JH: We want to continue to be a very vital business. You only get to be 162 years old if you are prepared to change and look to the next generation, so we continue to build a franchise with our existing customers but extend it to new customers too. We want to appeal to a broad spectrum of different segments, from premium to mass market, and part of our strategy is to grow our younger segments, something that is now taking hold. But whatever the segment, we deliver the same level of service and trust to them all. We are also expanding geographically, of course: we have just launched Serve in China, and we plan to make our other products available in the different international markets where we operate.
BFJ: How has marketing changed since you took on this role 17 years ago?
JH: Channels, consumers and opportunities have changed dramatically. Just think how quickly consumers’ adoption patterns are accelerating: it took about ten years for the microwave oven to catch on, whereas adoption of the iPad was almost instantaneous. That keeps it very interesting. Marketers need the same skills they have always had, but they have to apply them differently.
One of the most interesting developments is that social media makes it much easier to serve customers at the same time as you market to them. ‘Link, Like, Love’, which we launched on Facebook last year, is a great example. The application uses a card holder’s Facebook interests, including ‘likes’ and ‘check-ins’, to offer relevant and convenient discounts to them. And merchants can create offers on Facebook specifically for American Express card holders, and then measure how well that offer performed.
BFJ: What do you think banks need to do to restore their tattered reputations?
JH: The first thing that any organisation — bank, retailer or manufacturer — has to do in challenging times is listen to its customers and demonstrate that it is listening. It then has to build trust, focus on relationships and invest in service. And listening is harder than it sounds. It’s as hard as talking, because it also requires you to understand and act on what you have heard. And I’ve not seen one marketing course on how to listen effectively.
BFJ: What has kept you in the role for so long?
JH: The creative challenge of adapting the brand to a changing world is part of it — and the reason I came here from the world of advertising in the first place was the broader palate that it represented. I got to experiment in new channels. But the fact that marketing had been a mainstay of the business model for 150-odd years was also a big draw.

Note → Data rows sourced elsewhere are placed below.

Lemma nvalleys_sq s : nvalleys s * nvalleys s = nvalleys s + 2 * nocc2 du s.
Proof.
rewrite /nvalleys nocc2_du big_distrl /=.
under eq_bigr do rewrite big_distrr /=.
under eq_bigr do under eq_bigr do rewrite valley_pair.
under eq_bigr do rewrite !big_split /=.
rewrite !big_split /= [X in _ + X = _]exchange_big /= -addnA addnn -mul2n.
congr (_ + _); apply: eq_big_seq => i; rewrite mem_iota => /andP[_ hi].
under eq_bigr do rewrite eq_sym.
by rewrite sum_iota_eq_mul hi mul1n.
Qed.

Lemma sum_valley_ddu s :
  \sum_(i <- iota 0 (size s))
     valley s i * \sum_(j <- iota 0 (size s)) ((j.+1 == i) && occ_at ddu s j) =
  nocc ddu s.
Proof.
rewrite /nocc -sum_bool_count.
under eq_bigr do rewrite big_distrr /=.
rewrite exchange_big; apply: eq_bigr => j _.
under eq_bigr do rewrite mulnb andbCA -mulnb eq_sym.
rewrite sum_iota_eq_mul occ_ddu.
case vj: (valley s j.+1); last by rewrite !andbF muln0.
by have /andP[/ltnW -> _] := vj; rewrite andbT mul1n.
Qed.

Lemma sum_valley_duu s :
  \sum_(i <- iota 0 (size s)) valley s i * occ_at duu s i = nocc duu s.
Proof.
rewrite /nocc -sum_bool_count; apply: eq_bigr => i _.
by rewrite occ_duu mulnb andbA andbb.
Qed.

Lemma sum_nvalleys_fill s :
  \sum_(i <- iota 0 (size s)) valley s i * nvalleys (fill s i) =
  2 * nocc2 du s + nocc ddu s + nocc duu s.
Proof.
have fill_valley i : valley s i * nvalleys (fill s i) + valley s i =
  valley s i * nvalleys s
  + valley s i * \sum_(j <- iota 0 (size s)) ((j.+1 == i) && occ_at ddu s j)
  + valley s i * occ_at duu s i.
  by case vi: (valley s i); rewrite ?mul0n // !mul1n -nvalleys_fill.
have := @eq_bigr _ 0 addn _ (iota 0 (size s)) xpredT _ _ (fun i _ => fill_valley i).
rewrite !big_split /= -big_distrl /= sum_valley_ddu sum_valley_duu -/(nvalleys s).
rewrite nvalleys_sq; lia.
Qed.

Lemma fill_between (a c : seq bool) i : valley a i -> size c = size a ->
  dyck_le a c -> dyck_le c (fill a i) -> c = a \/ c = fill a i.
Proof.
move=> v sc /(dyck_le_ups (esym sc)) le_ac.
move=> /(dyck_le_ups (etrans sc (esym (size_fill a i)))) le_cf.
have {}le_cf k : k <= size a -> ups c k <= ups a k + (k == i.+1).
  by move=> hk; rewrite -ups_fill //; apply: le_cf; rewrite sc.
have /andP[hi _] := v.
have [E|E] : ups c i.+1 = ups a i.+1 \/ ups c i.+1 = ups a i.+1 + 1.
  by have := le_ac _ (ltnW hi); have := le_cf _ (ltnW hi); rewrite eqxx; lia.
- left; apply: eq_from_ups => // k hk; rewrite sc in hk.
  have [->|ne] := eqVneq k i.+1; first by [].
  by have := le_ac _ hk; have := le_cf _ hk; rewrite (negbTE ne); lia.
- right; apply: eq_from_ups; rewrite ?size_fill // => k hk; rewrite sc in hk.
  rewrite ups_fill //; have [->|ne] := eqVneq k i.+1; first by [].
  by have := le_ac _ hk; have := le_cf _ hk; rewrite (negbTE ne); lia.
Qed.

(** The valley is found at a lowest point of [a] among the positions where [a]
    lies strictly below [b]: there [a] must step down before and up after. *)
Lemma exists_fill_below (a b : seq bool) m : size a = m -> size b = m ->
  ups a m = ups b m -> dyck_le a b -> a != b ->
  exists2 i, valley a i & dyck_le (fill a i) b.
Proof.
move=> sa sb eq_m /(dyck_le_ups (etrans sa (esym sb))) le_ab ne_ab.
rewrite sa in le_ab.
have [k0 lt_k0] : exists k : 'I_m.+1, ups a k < ups b k.
  apply/existsP; apply: contraNT ne_ab => /existsPn lt_ab; apply/eqP.
  apply: eq_from_ups => [|k]; first by rewrite sa sb.
  rewrite sa => hk; have /= := lt_ab (Ordinal (hk : k < m.+1)).
  by have := le_ab k hk; lia.
pose depth k := 2 * ups a k + (m - k).
case: (@arg_minnP _ k0 (fun k : 'I_m.+1 => ups a k < ups b k) depth lt_k0).
move=> j lt_j min_j.
have {}min_j k : k <= m -> ups a k < ups b k -> depth j <= depth k.
  by move=> hk; apply: (min_j (Ordinal (hk : k < m.+1))).
have j_ltm : j < m.
  rewrite ltn_neqAle -ltnS ltn_ord andbT.
  by apply: contraTneq lt_j => ->; rewrite eq_m ltnn.
move: (nat_of_ord j) lt_j min_j j_ltm => [|i] lt_i min_i i_ltm.
  by rewrite !ups0 in lt_i.
have step_b k : ups b k.+1 <= ups b k + 1 by rewrite upsS leq_add2l leq_b1.
have v : valley a i.
  rewrite /valley sa i_ltm /=; apply/andP; split.
  - apply/negP => ai; have := min_i i (ltnW (ltnW i_ltm)).
    by have := step_b i; move: lt_i; rewrite /depth !upsS ai; lia.
  - apply/negPn/negP => ai1; have := min_i i.+2 i_ltm.
    by have := le_ab i.+2 i_ltm; move: lt_i; rewrite /depth !upsS (negbTE ai1); lia.
exists i => //; apply/dyck_le_ups; rewrite ?size_fill ?sa ?sb // => k hk.
by rewrite ups_fill //; case: eqP => [->|_]; rewrite ?addn1 ?addn0 ?le_ab.
Qed.
Lemma V_lin (a : R) (F : Qb) (b : R) (G : Qb) :
  V (Qlin a F b G) = Rmax 0 a * V F + Rmax 0 b * V G.
Proof.
  set (A := Rmax 0 a). set (B := Rmax 0 b).
  assert (A0 : 0 <= A) by apply Rmax_l. assert (B0 : 0 <= B) by apply Rmax_l.
  destruct (Req_dec A 0) as [hA|hA].
  { assert (E : V (Qlin a F b G) = V (Qlin B G 0 G)).
    { apply V_ext. intros p. rewrite !Qlin_val. fold A B. rewrite hA, (Rmax0_pos B), Rmax0_pos by lra. ring. }
    rewrite E, V_scale, hA by exact B0. ring. }
  destruct (Req_dec B 0) as [hB|hB].
  { assert (E : V (Qlin a F b G) = V (Qlin A F 0 F)).
    { apply V_ext. intros p. rewrite !Qlin_val. fold A B. rewrite hB, (Rmax0_pos A), Rmax0_pos by lra. ring. }
    rewrite E, V_scale, hB by exact A0. ring. }
  assert (Hw : 0 < A / (A + B) < 1).
  { split; [apply Rdiv_lt_0_compat; lra|].
    apply Rmult_lt_reg_r with (A + B); [lra|]. field_simplify; lra. }
  rewrite (V_ext (Qlin (A / (A + B)) (Qlin (A + B) F 0 F) (1 - A / (A + B)) (Qlin (A + B) G 0 G))).
  - rewrite V_mix, !V_scale by lra. field. lra.
  - intros p. rewrite !Qlin_val. fold A B. rewrite !Rmax0_pos by lra. field. lra.
Qed.

Definition w (q : R) : R := 1 - V (Ind (clamp 0 1 q)).

Lemma V_Ind (q : R) : 0 <= q <= 1 -> V (Ind q) = 1 - w q.
Proof. intros h. unfold w. rewrite clamp_id by exact h. ring. Qed.

Lemma w_0 : w 0 = 0.
Proof.
  unfold w. rewrite clamp_id by lra. rewrite (V_ext (Qconst 1)), V_const; [ring|].
  intros [x hx]. rewrite Ind_val, Qconst_val. simpl. destruct Rlt_dec; lra.
Qed.

Lemma w_1 : w 1 = 1.
Proof.
  unfold w. rewrite clamp_id by lra. rewrite (V_ext (Qconst 0)), V_const; [ring|].
  intros [x hx]. rewrite Ind_val, Qconst_val. simpl. destruct Rlt_dec; lra.
Qed.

On the agency side, I was probably the most business-minded person in a creative organisation, and here I am probably the most creative-minded person in a business organisation. American Express’s commitment to community service is another reason I love my job so much: I share those values. The brand is growing, the business is growing and we get to make a difference. That’s a nice package. ■
Hayes at a glance
Current job: Chief marketing officer at American Express. He has overseen marketing at the company for the past 17 years.Joined American Express: In 1995, as executive vice-president, becoming chief marketing officer in 2003.
Previous jobs: Immediately before he joined American Express, Hayes was president of advertising agency Lowe and Partners. Prior to that he held senior positions at agencies Geer DuBois, Ammirati and Puris, and Saatchi and Saatchi Compton.
Education: BA, Seton Hall University, New Jersey.
Honours: He has been recognised for his contribution to business in the community on numerous occasions, most recently by the Delaney Report as 2010 corporate marketing executive of the year.
Favourite films: ‘It’s a Wonderful Life’, and ‘The Shawshank Redemption’.
Favourite book: 1984. “You have to be optimistic to read it, but it affected me profoundly.”
Favourite pastime: Long-distance cycling – and sometimes racing.
Favourite brands: I can’t single out one. I’m very into brands.